We consider the global optimization of nonconvex mixed-integer quadratic programs with linear equality constraints. In particular, we present a new class of convex quadratic relaxations which are derived via quadratic cuts. To construct these quadratic cuts, we solve a separation problem involving a linear matrix inequality with a special structure that allows the use of specialized solution algorithms. Our quadratic cuts are nonconvex, but define a convex feasible set when intersected with the equality constraints.

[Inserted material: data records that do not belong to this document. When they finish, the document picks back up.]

Lemma ncpoly_of_ffunE n (v : {ffun n.-tuple 'I_d -> K^o}) (t : n.-tuple 'I_d) :
  ncpoly_of_ffun v (val t) = v t.
Proof. by rewrite /ncpoly_of_ffun valK. Qed.

Lemma ncpoly_of_ffun_homog n (v : {ffun n.-tuple 'I_d -> K^o}) :
  nc_homog n (ncpoly_of_ffun v).
Proof. by move=> w size_w; rewrite /ncpoly_of_ffun insubN. Qed.

Lemma nc_fin_homog n (f : ncpoly) : nc_homog n f -> nc_fin f.
Proof.
by move=> f_homog; exists n.+1 => w lt_n_w; rewrite f_homog ?neq_ltn ?lt_n_w ?orbT.
Qed.

Lemma ffun_of_ncpoly_homog k n (f : ncpoly) : nc_homog k f -> k != n ->
  ffun_of_ncpoly n f = 0.
Proof.
by move=> f_homog neq_kn; apply/ffunP => t; rewrite !ffunE f_homog // size_tuple eq_sym.
Qed.

Fact rho_minus_id_semilinear n : semilinear (@rho_minus_id d K n).
Proof.
split=> [a f | f g]; apply/ffunP => t; rewrite !ffunE /=; first by rewrite scalerBr.
by rewrite addrACA opprD.
Qed.

HB.instance Definition _ n :=
  GRing.isSemilinear.Build K _ _ _ (@rho_minus_id d K n) (rho_minus_id_semilinear n).

Lemma mem_inv_component n v :
  (v \in inv_component d K n) = [forall t, v (map_tuple (@ord_pred d) t) == v t].
Proof.
rewrite memv_ker lfunE /=; apply/eqP/forallP => [v_inv t | v_inv].
  by move/ffunP: v_inv => /(_ t); rewrite !ffunE => /eqP; rewrite subr_eq0.
by apply/ffunP => t; rewrite !ffunE; apply/eqP; rewrite subr_eq0; apply: v_inv.
Qed.

Lemma ffun_of_ncpoly_inv n (f : ncpoly) : nc_invariant f ->
  ffun_of_ncpoly n f \in inv_component d K n.
Proof.
move=> f_inv; rewrite mem_inv_component; apply/forallP => t.
by rewrite !ffunE -[f (val t)]f_inv.
Qed.

Lemma ncpoly_of_ffun_inv n v : v \in inv_component d K n ->
  nc_invariant (ncpoly_of_ffun v).
Proof.
rewrite mem_inv_component => /forallP v_inv w; rewrite /nc_rho.
have [size_w | size_w] := eqVneq (size w) n; last first.
  by rewrite !ncpoly_of_ffun_homog ?size_map.
have -> : w = Tuple (introT eqP size_w) by [].
by rewrite -[map _ _]/(val (map_tuple _ _)) !ncpoly_of_ffunE; apply/eqP.
Qed.

End NcAlgebra.

(* The number of monomials of degree [n] in generators of which [a k] have
   degree [k]; [f] is fuel, sufficient when [n <= f]. *)
Fixpoint mono_count (a : nat -> nat) (f n : nat) : nat :=
  if f is f'.+1 then
    if n is n'.+1 then \sum_(k < n'.+1) a k.+1 * mono_count a f' (n' - k) else 1
  else n == 0.

Section FreeGenerators.
Variables (d : nat) (K : fieldType) (Z : nat -> seq (ncpoly d K)).
Local Notation gen n i := (nth (fun _ => 0) (Z n) i).

Definition mono_deg (m : seq (nat * nat)) : nat := sumn (map fst m).

Lemma gen_mono_homog m :
  (forall n i, (i < size (Z n))%N -> nc_homog n (gen n i)) ->
  all (gen_valid Z) m -> nc_homog (mono_deg m) (gen_mono Z m).
Proof.
move=> Z_homog; elim: m => [|p m IHm] /=; first by move=> _; apply: nc_homog_one.
by case/andP => p_valid m_valid; apply: nc_homog_mul; [apply: Z_homog | apply: IHm].
Qed.

Lemma gen_mono_invariant m :
  (forall n i, (i < size (Z n))%N -> nc_invariant (gen n i)) ->
  all (gen_valid Z) m -> nc_invariant (gen_mono Z m).
Proof.
move=> Z_inv; elim: m => [|p m IHm] /=; first by move=> _; apply: nc_invariant_one.
by case/andP => p_valid m_valid; apply: nc_invariant_mul; [apply: Z_inv | apply: IHm].
Qed.

(* A generator of degree 0 would be a multiple of the empty monomial 1. *)
Lemma free_gens_deg0 : free_gens Z -> Z 0 = [::].
Proof.
case=> Z_gens Z_indep _; case Z0: (Z 0) => [|g gs] //; exfalso.
have [g_homog _] : nc_homog 0 g /\ nc_invariant g.
  by have := Z_gens 0%N 0%N; rewrite Z0; apply.
pose c (m : seq (nat * nat)) : K := if m is [::] then - g [::] else 1.
have valid : all (all (gen_valid Z)) [:: [:: (0%N, 0%N)]; [::]].
  by rewrite /= /gen_valid Z0.
have rel w : \sum_(m <- [:: [:: (0%N, 0%N)]; [::]]) c m * gen_mono Z m w = 0.
  rewrite !big_cons big_nil addr0 /gen_mono /= nc_mulr1 Z0 /= mul1r /nc_one.
  by case: w => [|x w]; rewrite ?mulr1 ?addrN // mulr0 addr0 g_homog.
have := Z_indep _ c _ valid rel [:: (0%N, 0%N)].
by rewrite inE eqxx => /(_ isT isT) /eqP; rewrite oner_eq0.
Qed.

We show that our relaxations are an outer-approximation of a semi-infinite convex program which under certain conditions is equivalent to a well-known semidefinite program relaxation. The new relaxations are implemented in the global optimization solver BARON, and tested by conducting numerical experiments on a large collection of problems. Results demonstrate that, for our test problems, these relaxations lead to a significant improvement in the performance of BARON.

我们考虑具有线性等式约束的非凸混合整数二次规划的全局优化。特别是，我们提出了一类新的凸二次松弛，它是通过二次切割导出的。为了构造这些二次切割，我们解决了一个涉及线性矩阵不等式的分离问题，该问题具有允许使用专门的求解算法的特殊结构。我们的二次切割是非凸的，但在与等式约束相交时定义了一个凸可行集。我们表明，我们的松弛是半无限凸程序的外近似，在某些条件下相当于众所周知的半定程序松弛。新的松弛在全局优化求解器 BARON 中实现，并通过对大量问题进行数值实验进行测试。结果表明，对于我们的测试问题，这些松弛导致 BARON 性能的显着提高。